Lt. Gov. Mike Foley

Lt. Gov. Mike Foley looks over features of Embrace Park in Norfolk on Thursday morning. 

Josh Moenning, the mayor of Norfolk, joked to a crowd of about 30 people on Thursday afternoon that Norfolk has become a second home to Lt. Gov. Mike Foley, as he made another visit here Thursday.

Foley was in Norfolk on Thursday to sightsee, meet with members of the community and honor various state employees and volunteers.

The lieutenant governor began the day with tours of Embrace Park, the YMCA, the Norfolk Sculpture Walk downtown and to new housing and business developments.

Foley said he has been traveling across the state recently to honor longtime state employees and decided to take in the sights of Norfolk before his visit to the Norfolk Veterans Home on Thursday afternoon.

“It’s exciting to see some of the new things coming to this community,” Foley said.

He also spoke at the Norfolk Area Chamber of Commerce’s Unlimited Potential luncheon, where he recapped some of the challenges and accomplishments of the state this year.

Foley began by recounting the devastation of flooding in March, during which four people died, millions of dollars of property were damaged and many roads and bridges throughout the state were damaged and even rendered impassable, some of which still haven’t been repaired.

“It caused extraordinary disruption throughout our state,” Foley said. “Within a 72-hour period, over 100 of our cities and 81 counties had issued emergency declarations, which put tremendous strain on our systems.”

But during a time of crisis, Foley said, Nebraskans were able to rely on their neighbors.

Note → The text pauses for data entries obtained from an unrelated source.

Lemma bm_left_factorization :
  exists g : lQ L -> seq S -> option (seq S), left_factorization f R g.
Proof.
exists (fun p w => if lfin (lstate_from p w) then
                     Some (bm_mid p w ++ bm_rho (lstate_from p w)) else None) => u.
exists (fun r => bm_lambda (rstate_from r u) ++ bm_mid_at (l0 L) u r) => w.
by rewrite B_f bm_out_cat lstate_cat; case: ifP => //= _; rewrite !catA.
Qed.

Lemma bm_right_factorization :
  exists g : rQ R -> seq S -> option (seq S),
    left_factorization (L := mirror_right R) (mirror_f f) (mirror_left L) g.
Proof.
exists (fun q w => if rfin (rstate_from q (rev w)) then
   Some (rev (bm_mid_at (l0 L) (rev w) q) ++ rev (bm_lambda (rstate_from q (rev w))))
   else None) => u.
exists (fun p => rev (bm_rho (lstate_from p (rev u))) ++ rev (bm_mid p (rev u))) => w.
rewrite /mirror_f rev_cat B_f bm_out_cat bm_same_lang rstate_cat.
rewrite lstate_mirror_right rstate_mirror_left.
by case: ifP => //= _; rewrite !rev_cat !catA.
Qed.

End Bimachine.

Theorem proposition3p3 (S : finType) (B : bimachine S) (f : transduction S) :
  realizes B f ->
  sqsub_Left (bmL B) f (bmR B) /\ sqsub_Right (bmR B) f (bmL B).
Proof.
move=> B_f; split.
  have [g g_fact] := bm_left_factorization B_f.
  exact: sqsub_Left_factorization g_fact.
apply: sqsub_Right_mirror.
have [g g_fact] := bm_right_factorization B_f.
exact: sqsub_Left_factorization g_fact.
Qed.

“People were opening their homes to neighbors and their families,” Foley said. “That’s just the Nebraska way.”

The recovery effort is still ongoing, as the state is repairing 15 impassable bridges and hundreds of miles of highway, Foley said.

Another significant challenge faced by the state is a long-standing one: a solution for high property taxes.

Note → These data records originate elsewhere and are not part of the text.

Lemma continuity_pt_comp_cont_at (f : pt -> R) phi t :
  continuous f (phi t) -> cont_at phi t -> continuity_pt (fun s => f (phi s)) t.
Proof.
  intros Hf [H1 H2]. apply continuity_pt_filterlim.
  apply (continuous_ext (fun s => f (fst (phi s), snd (phi s)))).
  { intro s. now rewrite <- surjective_pairing. }
  apply (continuous_comp_2 _ _ (fun a b => f (a, b))); [exact H1|exact H2|].
  apply (continuous_ext f); [intros [a b]; reflexivity|].
  now rewrite <- surjective_pairing.
Qed.

Lemma cont_at_comp phi (u : R -> R) t :
  continuity_pt u t -> cont_at phi (u t) -> cont_at (fun s => phi (u s)) t.
Proof.
  intros Hu Hphi. apply cont_at_iff in Hphi as [H1 H2]. apply cont_at_iff.
  split; [apply (continuity_pt_comp u (fun s => fst (phi s)))|
          apply (continuity_pt_comp u (fun s => snd (phi s)))]; assumption.
Qed.

Lemma cont_at_shift phi c t : cont_at phi (t + c) -> cont_at (fun s => phi (s + c)) t.
Proof.
  intro H. apply (cont_at_comp phi (fun s => s + c)); [|exact H].
  apply continuity_pt_plus; [apply continuity_pt_id|apply continuity_pt_const; now intros x y].
Qed.

Lemma cont_at_reverse phi t : cont_at phi (- t) -> cont_at (fun s => phi (- s)) t.
Proof.
  intro H. apply (cont_at_comp phi (fun s => - s)); [|exact H].
  apply continuity_pt_opp, continuity_pt_id.
Qed.

Lemma cont_at_const (q : pt) t : cont_at (fun _ => q) t.
Proof. split; apply continuous_const. Qed.

Lemma solves_derivable_pt_lim W phi t : solves W phi t ->
  derivable_pt_lim (fun s => fst (phi s)) t (fst (W (phi t))) /\
  derivable_pt_lim (fun s => snd (phi s)) t (snd (W (phi t))).
Proof. intros [H1 H2]; split; apply is_derive_Reals; assumption. Qed.

Lemma is_derive_comp_affine (f : R -> R) (k c t l : R) :
  is_derive f (k * t + c) l -> is_derive (fun s => f (k * s + c)) t (k * l).
Proof.
  intro H. replace (k * l) with (scal k l) by reflexivity.
  apply (is_derive_comp f (fun s => k * s + c)); [exact H|].
  auto_derive; [exact I|ring].
Qed.

Lemma solves_shift W phi c t : solves W phi (t + c) -> solves W (fun s => phi (s + c)) t.
Proof.
  intros [H1 H2].
  assert (E : forall s, 1 * s + c = s + c) by (intro; ring).
  split.
  - replace (fst (W (phi (t + c)))) with (1 * fst (W (phi (1 * t + c)))) by (rewrite E; ring).
    apply (is_derive_ext (fun s => fst (phi (1 * s + c)))); [intro s; now rewrite E|].
    apply (is_derive_comp_affine (fun x => fst (phi x))). now rewrite E.
  - replace (snd (W (phi (t + c)))) with (1 * snd (W (phi (1 * t + c)))) by (rewrite E; ring).
    apply (is_derive_ext (fun s => snd (phi (1 * s + c)))); [intro s; now rewrite E|].
    apply (is_derive_comp_affine (fun x => snd (phi x))). now rewrite E.
Qed.

Definition opp_field (W : pt -> pt) : pt -> pt := fun q => (- fst (W q), - snd (W q)).

Lemma solves_reverse W phi t :
  solves W phi (- t) -> solves (opp_field W) (fun s => phi (- s)) t.
Proof.
  intros [H1 H2]. unfold opp_field. simpl.
  assert (E : forall s, -1 * s + 0 = - s) by (intro; ring).
  split.
  - replace (- fst (W (phi (- t)))) with (-1 * fst (W (phi (-1 * t + 0)))) by (rewrite E; ring).
    apply (is_derive_ext (fun s => fst (phi (-1 * s + 0)))); [intro s; now rewrite E|].
    apply (is_derive_comp_affine (fun x => fst (phi x))). now rewrite E.
  - replace (- snd (W (phi (- t)))) with (-1 * snd (W (phi (-1 * t + 0)))) by (rewrite E; ring).
    apply (is_derive_ext (fun s => snd (phi (-1 * s + 0)))); [intro s; now rewrite E|].
    apply (is_derive_comp_affine (fun x => snd (phi x))). now rewrite E.
Qed.

Definition is_C1 (f : pt -> R) : Prop :=
  (forall p : pt, ex_derive (fun x => f (x, snd p)) (fst p)
               /\ ex_derive (fun y => f (fst p, y)) (snd p)) /\
  (forall p, continuous f p) /\ (forall p, continuous (dx f) p) /\
  (forall p, continuous (dy f) p).

Definition is_C1_field (W : pt -> pt) : Prop :=
  is_C1 (fun q => fst (W q)) /\ is_C1 (fun q => snd (W q)).

Lemma smooth_C1 f : smooth f -> is_C1 f.
Proof.
  intro H. destruct (H 1%nat) as [Hd [H1 H2]]. exact (conj Hd (conj (H 0%nat) (conj H1 H2))).
Qed.

Lemma C1_is_derive_x f x y : is_C1 f -> is_derive (fun u => f (u, y)) x (dx f (x, y)).
Proof. intros [Hd _]. apply Derive_correct. exact (proj1 (Hd (x, y))). Qed.

Lemma C1_is_derive_y f x y : is_C1 f -> is_derive (fun v => f (x, v)) y (dy f (x, y)).
Proof. intros [Hd _]. apply Derive_correct. exact (proj2 (Hd (x, y))). Qed.

Lemma MVT_between (f df : R -> R) a b : (forall x, is_derive f x (df x)) ->
  exists c, Rmin a b <= c <= Rmax a b /\ f b - f a = df c * (b - a).
Proof.
  intro H. apply MVT_gen; [intros x _; apply H|].
  intros x _. apply continuity_pt_filterlim.
  apply (ex_derive_continuous (K := R_AbsRing) (V := R_NormedModule)). eexists. apply H.
Qed.

Lemma between_Rabs a b c : Rmin a b <= c <= Rmax a b -> Rabs (c - a) <= Rabs (b - a).
Proof.
  unfold Rmin, Rmax. destruct (Rle_dec a b); unfold Rabs;
    destruct (Rcase_abs (c - a)); destruct (Rcase_abs (b - a)); lra.
Qed.

Lemma Rabs_between_lt a b c q r : Rmin a b <= c <= Rmax a b ->
  Rabs (a - q) < r -> Rabs (b - q) < r -> Rabs (c - q) < r.
Proof.
  unfold Rmin, Rmax. intros Hc Ha Hb.
  apply Rabs_lt_between' in Ha, Hb. apply Rabs_lt_between'. destruct (Rle_dec a b); lra.
Qed.

Lemma C1_differentiable_pt_lim f x y : is_C1 f ->
  differentiable_pt_lim (fun u v => f (u, v)) x y (dx f (x, y)) (dy f (x, y)).
Proof.
  intros HC eps. pose proof HC as [_ [_ [Hcx Hcy]]].
  assert (He2 : eps / 2 > 0) by (pose proof (cond_pos eps); lra).
  destruct (continuous_eps2 _ (x, y) (Hcx (x, y)) _ He2) as [d1 [Hd1 H1]].
  destruct (continuous_eps2 _ (x, y) (Hcy (x, y)) _ He2) as [d2 [Hd2 H2]].
  exists (mkposreal _ (Rmin_pos _ _ Hd1 Hd2)). simpl. intros u v Hu Hv.
  pose proof (Rmin_l d1 d2). pose proof (Rmin_r d1 d2).
  destruct (MVT_between (fun a => f (a, v)) (fun a => dx f (a, v)) x u) as [c1 [Hc1 E1]].
  { intro a. now apply C1_is_derive_x. }
  destruct (MVT_between (fun b => f (x, b)) (fun b => dy f (x, b)) y v) as [c2 [Hc2 E2]].
  { intro b. now apply C1_is_derive_y. }
  apply between_Rabs in Hc1, Hc2.
  assert (B1 : Rabs (dx f (c1, v) - dx f (x, y)) < eps / 2) by (apply H1; simpl; lra).
  assert (B2 : Rabs (dy f (x, c2) - dy f (x, y)) < eps / 2).
  { apply H2; simpl; [rewrite Rminus_eq_0, Rabs_R0|]; lra. }
  replace (f (u, v) - f (x, y) - (dx f (x, y) * (u - x) + dy f (x, y) * (v - y))) with
    ((f (u, v) - f (x, v)) - dx f (x, y) * (u - x)
     + ((f (x, v) - f (x, y)) - dy f (x, y) * (v - y)))
    by ring.
  rewrite E1, E2, <- !Rmult_minus_distr_r.
  eapply Rle_trans; [apply Rabs_triang|]. rewrite !Rabs_mult.
  pose proof (Rabs_pos (u - x)). pose proof (Rabs_pos (v - y)).
  pose proof (Rmax_l (Rabs (u - x)) (Rabs (v - y))).
  pose proof (Rmax_r (Rabs (u - x)) (Rabs (v - y))).
  apply Rle_trans with (eps / 2 * Rabs (u - x) + eps / 2 * Rabs (v - y)); [|nra].
  apply Rplus_le_compat; apply Rmult_le_compat_r; lra.
Qed.

Lemma C1_derivable_pt_lim_comp f phi t l1 l2 : is_C1 f ->
  derivable_pt_lim (fun s => fst (phi s)) t l1 ->
  derivable_pt_lim (fun s => snd (phi s)) t l2 ->
  derivable_pt_lim (fun s => f (phi s)) t (dx f (phi t) * l1 + dy f (phi t) * l2).
Proof.
  intros HC H1 H2.
  pose proof (derivable_pt_lim_comp_2d (fun u v => f (u, v)) _ _ t _ _ _ _
    (C1_differentiable_pt_lim f (fst (phi t)) (snd (phi t)) HC) H1 H2) as H.
  rewrite <- surjective_pairing in H.
  apply (derivable_pt_lim_ext (fun s => f (fst (phi s), snd (phi s)))); [|exact H].
  intro s. now rewrite <- surjective_pairing.
Qed.

Lemma solves_derive_lie f W phi t : is_C1 f -> solves W phi t ->
  derivable_pt_lim (fun s => f (phi s)) t (lie W f (phi t)).
Proof.
  intros HC Hs. apply solves_derivable_pt_lim in Hs as [H1 H2].
  now apply C1_derivable_pt_lim_comp.
Qed.

Lemma lie_continuity_pt f W phi t : is_C1 f -> is_C1_field W -> cont_at phi t ->
  continuity_pt (fun s => lie W f (phi s)) t.
Proof.
  intros [_ [_ [Hx Hy]]] [[_ [HW1 _]] [_ [HW2 _]]] Hc. unfold lie.
  apply continuity_pt_plus; apply continuity_pt_mult.
  - now apply (continuity_pt_comp_cont_at (dx f)).
  - now apply (continuity_pt_comp_cont_at (fun q => fst (W q))).
  - now apply (continuity_pt_comp_cont_at (dy f)).
  - now apply (continuity_pt_comp_cont_at (fun q => snd (W q))).
Qed.

Lemma C1_continuity_pt_comp f phi t : is_C1 f -> cont_at phi t ->
  continuity_pt (fun s => f (phi s)) t.
Proof. intros [_ [Hc _]] H. now apply continuity_pt_comp_cont_at. Qed.

Lemma derivable_pt_lim_of_punctured (c dc : R -> R) t e : e > 0 ->
  continuity_pt c t -> continuity_pt dc t ->
  (forall r, r <> t -> Rabs (r - t) < e -> derivable_pt_lim c r (dc r)) ->
  derivable_pt_lim c t (dc t).
Proof.
  intros He Hc Hdc Hd eps Heps.
  destruct (continuity_pt_eps _ _ Hdc eps Heps) as [d [Hd0 Hd1]].
  exists (mkposreal _ (Rmin_pos _ _ Hd0 He)). simpl. intros h Hh0 Hh.
  pose proof (Rmin_l d e). pose proof (Rmin_r d e).
  assert (Near : forall x, Rmin t (t + h) <= x <= Rmax t (t + h) -> Rabs (x - t) < Rmin d e).
  { intros x Hx. apply between_Rabs in Hx. replace (t + h - t) with h in Hx by ring. lra. }
  destruct (MVT_gen c t (t + h) dc) as [xi [Hxi E]].
  { intros x Hx. apply is_derive_Reals. apply Hd; [|specialize (Near x ltac:(lra)); lra].
    revert Hx. unfold Rmin, Rmax. destruct (Rle_dec t (t + h)); lra. }
  { intros x Hx. destruct (Req_dec x t) as [->|Hne]; [exact Hc|].
    apply derivable_continuous_pt. exists (dc x). apply Hd; [exact Hne|].
    specialize (Near x Hx). lra. }
  replace ((c (t + h) - c t) / h - dc t) with (dc xi - dc t)
    by (rewrite E; replace (t + h - t) with h by ring; field; exact Hh0).
  apply Hd1. specialize (Near xi Hxi). lra.
Qed.

Lemma solves_of_punctured W phi t e : is_C1_field W -> e > 0 -> cont_at phi t ->
  (forall r, r <> t -> Rabs (r - t) < e -> solves W phi r) -> solves W phi t.
Proof.
  intros [[_ [HW1 _]] [_ [HW2 _]]] He Hc Hs. pose proof Hc as Hc'.
  apply cont_at_iff in Hc' as [Hc1 Hc2].
  split; apply is_derive_Reals.
  - apply (derivable_pt_lim_of_punctured _ (fun s => fst (W (phi s))) t e He Hc1).
    + now apply (continuity_pt_comp_cont_at (fun q => fst (W q))).
    + intros r Hr Hr'. exact (proj1 (solves_derivable_pt_lim W phi r (Hs r Hr Hr'))).
  - apply (derivable_pt_lim_of_punctured _ (fun s => snd (W (phi s))) t e He Hc2).
    + now apply (continuity_pt_comp_cont_at (fun q => snd (W q))).
    + intros r Hr Hr'. exact (proj2 (solves_derivable_pt_lim W phi r (Hs r Hr Hr'))).
Qed.

Lemma sign_through_zero f W phi t r L : is_C1 f -> r <> t ->
  (forall x, Rmin t r <= x <= Rmax t r -> cont_at phi x /\ lie W f (phi x) * L > 0) ->
  (forall x, Rmin t r < x < Rmax t r -> solves W phi x) ->
  f (phi t) = 0 -> f (phi r) * L * (r - t) > 0.
Proof.
  intros Hf Hrt Hx Hs H0.
  destruct (MVT_gen (fun s => f (phi s)) t r (fun s => lie W f (phi s))) as [xi [Hxi E]].
  - intros x Hx'. apply is_derive_Reals, solves_derive_lie; [exact Hf|now apply Hs].
  - intros x Hx'. apply C1_continuity_pt_comp; [exact Hf|now apply Hx].
  - simpl in E. rewrite H0, Rminus_0_r in E. rewrite E.
    destruct (Hx xi Hxi) as [_ Hl].
    assert (0 < (r - t) * (r - t)) by (apply Rsqr_pos_lt; lra).
    replace (lie W f (phi xi) * (r - t) * L * (r - t)) with
      ((lie W f (phi xi) * L) * ((r - t) * (r - t))) by ring.
    now apply Rmult_lt_0_compat.
Qed.

Lemma sign_after_zero f W phi t e : is_C1 f -> is_C1_field W -> e > 0 ->
  (forall r, t <= r <= t + e -> cont_at phi r) -> (forall r, t < r < t + e -> solves W phi r) ->
  f (phi t) = 0 -> lie W f (phi t) <> 0 ->
  exists d, d > 0 /\ forall r, t < r < t + d -> f (phi r) * lie W f (phi t) > 0.
Proof.
  intros Hf HW He Hc Hs H0 Hne.
  destruct (continuity_pt_sign_near _ t (lie_continuity_pt f W phi t Hf HW (Hc t ltac:(lra))) Hne)
    as [d [Hd Hd']].
  exists (Rmin d e). split; [now apply Rmin_pos|]. intros r Hr.
  pose proof (Rmin_l d e). pose proof (Rmin_r d e).
  assert (f (phi r) * lie W f (phi t) * (r - t) > 0); [|nra].
  apply sign_through_zero with W; [exact Hf|lra| |intros x Hx|exact H0];
    rewrite Rmin_left, Rmax_right in * by lra.
  - intros x Hx. split; [apply Hc; lra|apply Hd'; rewrite Rabs_pos_eq; lra].
  - apply Hs; lra.
Qed.

Lemma sign_before_zero f W phi t e : is_C1 f -> is_C1_field W -> e > 0 ->
  (forall r, t - e <= r <= t -> cont_at phi r) -> (forall r, t - e < r < t -> solves W phi r) ->
  f (phi t) = 0 -> lie W f (phi t) <> 0 ->
  exists d, d > 0 /\ forall r, t - d < r < t -> f (phi r) * lie W f (phi t) < 0.
Proof.
  intros Hf HW He Hc Hs H0 Hne.
  destruct (continuity_pt_sign_near _ t (lie_continuity_pt f W phi t Hf HW (Hc t ltac:(lra))) Hne)
    as [d [Hd Hd']].
  exists (Rmin d e). split; [now apply Rmin_pos|]. intros r Hr.
  pose proof (Rmin_l d e). pose proof (Rmin_r d e).
  assert (f (phi r) * lie W f (phi t) * (r - t) > 0); [|nra].
  apply sign_through_zero with W; [exact Hf|lra| |intros x Hx|exact H0];
    rewrite Rmin_right, Rmax_left in * by lra.
  - intros x Hx. split; [apply Hc; lra|apply Hd'; rewrite Rabs_left1; lra].
  - apply Hs; lra.
Qed.

Lemma no_root_same_sign (F : R -> R) a b r0 r1 : continuity F ->
  (forall x, a < x < b -> F x <> 0) -> a < r0 < b -> a < r1 < b -> F r0 * F r1 > 0.
Proof.
  intros HF Hnz H0 H1. apply Rnot_le_gt. intro Hle.
  destruct (IVT_gen F r0 r1 0 HF) as [z [Hz Fz]].
  - unfold Rmin, Rmax. destruct (Rle_dec (F r0) (F r1)); nra.
  - apply (Hnz z); [|exact Fz]. revert Hz. unfold Rmin, Rmax. destruct (Rle_dec r0 r1); lra.
Qed.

Finding a solution is difficult because a property tax bill would need the support of 33 senators to pass to prevent a filibuster and to overcome a potential governor veto.

“It’s very difficult to get that much support, because senators will read the bill and see there are winners and losers,” Foley said.

The lack of agreement also is exacerbated by the fact that legislative power has shifted to urban areas, and not even the few rural senators are in consensus, either.

The solution supported by the Legislature’s Revenue Committee was a bill to raise income tax and lift some sales tax exemptions. Foley said he personally didn’t agree with that method.

“Once you raise taxes, they never go away,” Foley said. “And in a few years, property taxes will go right back up.”

One proposed solution is a citizen-led ballot initiative that would give income tax credits to all property tax payers worth 35% of their property tax bill.

That solution, Foley said, would cost about $1 billion and put a massive strain on the state’s budget and tax code.

“We don’t have that money,” Foley said. “But it shows there’s great anger out there, particularly in the rural areas. People are out there signing this petition.”

Another challenge that Foley said Nebraska faces is a battle against what he called a “drug culture.”

“Tragically, the drug culture in our state is still very vibrant, and it’s creating big problems for us,” Foley said.

He said a current petition to put legalized medical marijuana on the 2020 ballot will eventually lead to fully recreational marijuana in Nebraska, which he said could be devastating.

“In Colorado, the influence of those drugs are everywhere. Kids are seeing their parents and role models do it and it’s causing great devastation to the social fabric of the state,” he said.

In a brief question-and-answer phase, one attendee criticized the governor and his views on taxes and some social issues.

“I want property tax change, and this governor is not going to do it,” the attendee said. “He (Ricketts) wants to craft a plan that forces county commissions and school boards to cut their spending. He doesn’t appoint them, we elect them. He’s got no say on what our board of education wants to spend. He needs to stay out of who we elect and how we spend our money. That’s on us.”

He continued by saying that Nebraska will be the last to implement ideas popular in other states, such as gambling, marijuana and tax reform.

“We continue to be the last to the game everywhere. We’re in a tough place,” he said.

Foley responded to his frustration regarding property taxes, saying that he understands where people are coming from and said that Gov. Ricketts has been working hard to find a solution, and as soon as 33 senators agree, the issue can be addressed.

“The governor would love to have a bill he could sign tomorrow,” Foley said.

Other issues Foley addressed in his speech were overcrowded prisons, incentives for new businesses, ethanol, foreign trade, Medicaid and workforce shortages.